The former Milwaukee Railroad trestle at Tekoa has been included in the state's next two-year budget which was approved before the legislature adjourned April 28 in Olympia. The funding would provide decking and fencing on the trestle span which has been blocked off since the state purchased the Milwaukee right-of-way and converted it to the John Wayne Trail, now officially known and the Palouse to Cascades Trail.

Pete Martin, president of Friends of the Tekoa Trestle, reported the trestle project has been funded for $1,014,000.

Martin noted the funding was celebrated by the Tekoa group which has pushed for years to get the high trestle open as part of the cross-state trail system and a key attraction at the east end of the trail which ends at the Idaho state line.

The budget listing leaves them somewhat in a quandary because the state parks request for the trestle was in the $1.7 million range.

Martin said the group has not seen a specific plan for what will be done on the trestle, although similar state projects at other points along the trail show a concrete deck with fencing on either side.

Approximately a mile of the route on the west side of the trestle is not used because it leads to a dead end at the barrier which blocks off the trestle on the south side.

As long as the trail has been open, eastbound hikers, horse and bike riders get off the former Milwaukee route and approach Tekoa on Lone Pine Road which meets the former UP railroad route on the south side of Highway 27. The UP trail goes under the trestle and into Tekoa.

Martin said he and other members of the group are encouraged by the funding which will increase the overall attraction of the trail. He and Fred Wagener, secretary of Tekoa group, planned to attend a state gathering of trail supporters Wednesday in South Cle Elum where plans for the Great American Trail, which includes the Milwaukee route through Washington and the Trail of the Coeur d'Alene across north Idaho, will be unveiled by the Rails to Trails Conservancy based in Washington, D.C.

Wagner and Tristan Smith of Tekoa rode across the Palouse to Cascades Trail in 2015 to scout out the cross-state route as part of the Tekoa push to get the trestle surfaced and back in action. Martin drove the support vehicle for the two cross-state riders who made the ride in a week.

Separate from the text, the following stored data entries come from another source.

Lemma white_component_self B v : gridmem (white_component B v) v.
Proof.
apply: (white_fix_ind (Q := fun S => gridmem S v)); first by rewrite gridmem_of vertex_eqbE.
by move=> S Sv; rewrite gridmem_of Sv.
Qed.

Lemma white_component_connect B v w :
  ~~ gridmem B v -> gridmem (white_component B v) w -> connect (white B) v w.
Proof.
move=> Bv Cw; suff /andP [] : ~~ gridmem B w && connect (white B) v w by [].
move: w Cw; apply: (white_fix_ind (Q := fun S => forall w, gridmem S w ->
                      ~~ gridmem B w && connect (white B) v w)) => [x | S QS x].
  by rewrite gridmem_of vertex_eqbE => /eqP <-; rewrite Bv connect0.
rewrite gridmem_of; case: ifP => [/QS // | _]; case: ifP => // Bx /hasP [y yx Sy].
have /andP [By vy] := QS y Sy; apply: connect_trans vy (connect1 _).
by rewrite /white_rel !in_gset By Bx andbT sym_e -nbrsE.
Qed.

Lemma white_components_sub vs B Cs : {subset Cs <= white_components_from vs B Cs}.
Proof.
elim: vs Cs => [|x xs IH] Cs C CsC //=; case: ifP => _; first exact: IH.
by case: ifP => _; apply: IH; rewrite ?inE ?CsC ?orbT.
Qed.

Lemma white_components_cover B v : ~~ gridmem B v -> has (gridmem^~ v) (white_components B).
Proof.
rewrite /white_components => Bv; move: (mem_grid v); elim: grid [::] => [|x xs IH] Cs //.
rewrite inE /= => /orP [/eqP <- | v_xs]; last by case: ifP => _; [|case: ifP => _]; apply: IH.
case: ifP => [Bv' | _]; first by rewrite Bv' in Bv.
case: ifP => [/hasP [C CsC Cv] | _]; apply/hasP.
  by exists C => //; apply: white_components_sub.
exists (white_component B v); last exact: white_component_self.
by apply: white_components_sub; rewrite inE eqxx.
Qed.

Lemma white_components_spec B C :
  C \in white_components B -> exists2 x, ~~ gridmem B x & C = white_component B x.
Proof.
pose Q C := exists2 x, ~~ gridmem B x & C = white_component B x.
suff spec vs Cs : {in Cs, forall C, Q C} -> {in white_components_from vs B Cs, forall C, Q C}.
  by apply: spec.
elim: vs Cs => [|x xs IH] Cs Cs_spec //=.
case: ifP => Bx; first exact: IH.
case: ifP => _; apply: IH => // C'; rewrite inE => /orP [/eqP -> | /Cs_spec //].
by exists x; rewrite ?Bx.
Qed.

Lemma white_components_connect B C v w : C \in white_components B ->
  gridmem C v -> gridmem C w -> connect (white B) v w.
Proof.
move=> /white_components_spec [x Bx ->] /(white_component_connect Bx) xv.
move=> /(white_component_connect Bx); apply: connect_trans.
by rewrite (sym_connect_sym (white_rel_sym (gset B) sym_e)).
Qed.

Lemma white_closedP B C a b :
  white_closed B C -> white B a b -> a \in gset C -> b \in gset C.
Proof.
move=> /allP /(_ a (mem_grid a)) C_closed /and3P [e_ab _]; rewrite !inE => Bb Ca.
by move: C_closed; rewrite Ca => /allP /(_ b); rewrite nbrsE e_ab (negbTE Bb) => /(_ isT).
Qed.

Lemma can_force_with_sound Cs B v : {in Cs, forall C, white_closed B C} ->
  can_force_with Cs B v -> psd_force e (gset B) v.
Proof.
move=> Cs_closed; rewrite /can_force_with; case: ifP => // Bv /hasP [C CsC].
rewrite /forces_within; case: ifP => // Cv /hasP [u vu].
case: ifP => // Bu /allP u_nbrs.
apply: (psd_force_closed (u := u) (C := gset C)) => //.
- by rewrite inE.
- by rewrite sym_e -nbrsE.
- by rewrite inE Bv.
- by rewrite inE.
- by move=> a b; apply: white_closedP (Cs_closed C CsC).
- move=> w; rewrite !inE -nbrsE => /negbTE Bw /u_nbrs; rewrite Bw vertex_eqbE.
  by move=> + /negbTE w_v; rewrite w_v.
Qed.

Lemma can_force_sound B v : can_force B v -> psd_force e (gset B) v.
Proof. by apply: can_force_with_sound => C; rewrite mem_filter => /andP []. Qed.

Lemma stalled_sound B v : stalled B -> ~~ psd_force e (gset B) v.
Proof.
move=> B_stalled; apply/negP => /andP [Bv /existsP [u /and3P [Bu e_uv /forallP u_forces]]].
rewrite in_gset in Bv; rewrite in_gset in Bu.
have /hasP [C CsC Cv] := white_components_cover Bv.
move: B_stalled => /allP /(_ C CsC) /allP /(_ v (mem_grid v)); rewrite Cv.
move=> /allP /(_ u); rewrite nbrsE sym_e e_uv Bu => /(_ isT) /hasP [w uw].
case: ifP => // Bw; rewrite vertex_eqbE; case: eqP => // /eqP w_v Cw.
move: (u_forces w); rewrite in_gset Bw -nbrsE uw w_v /=.
by rewrite (white_components_connect CsC Cw Cv).
Qed.

Lemma gset_force_round B : gset (force_round B) = gset B :|: [set v | can_force B v].
Proof. by apply/setP => v; rewrite gset_of !inE; case: ifP. Qed.

Lemma force_hull_sound n B : psd_derives e (gset (force_hull n B)) -> psd_derives e (gset B).
Proof.
elim: n B => //= n IH B; case: ifP => // _ /IH; rewrite gset_force_round.
by apply: psd_derives_forced => v; rewrite inE; apply: can_force_sound.
Qed.

Lemma force_hull_subset n B : gset B \subset gset (force_hull n B).
Proof.
elim: n B => //= n IH B; case: ifP => // _; apply: subset_trans (IH _).
by rewrite gset_force_round subsetUl.
Qed.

The state budget also includes a $1.7 million listing for improving the surface of the trail between Malden and Rosalia. That project is tied to a Department of Commerce budget listing of $150,000 for a study of trail impacts which calls for input from trail supporters and property owners along the trail. The budget calls for the study to be conducted by a contractor, according to Mark Borleske of Everett.

Borleske owns property next to the cross-state trail at Rosalia and has hosted pedestrian field walks across the concrete trestle at Rosalia for the past two years.

Another big boost for the cross-state trail approved by this year's legislature was a total of $5,575,000 for decking the former Milwaukee bridge across the Columbia River at Beverly. The Columbia River bridge is another gap which has been in the trail since it was started.

Most of the funds for the Beverly Bridge project was included in the State's Department of Archeology and Historic Preservation. Trail riders have used the crossing at Wanapm Dam to get to the west side of the river and continue west to Othello.

Borleske commented approval of funding for the Beverly Bridge, once it was formally proposed happened relatively fast in comparison to some of the long-standing trail gaps such as the Tekoa trestle which have sat for years without much of a chance of getting funds to get back on the trail gap.

Approval of funds in line for the Beverly Bridge this year follows approval of funds at the prior legislative session to deck the Renslow Trestle which crosses I-90 at the top of the grade west of Vantage. Borleske said he understands final plans have been prepared for the Renslow project to get underway.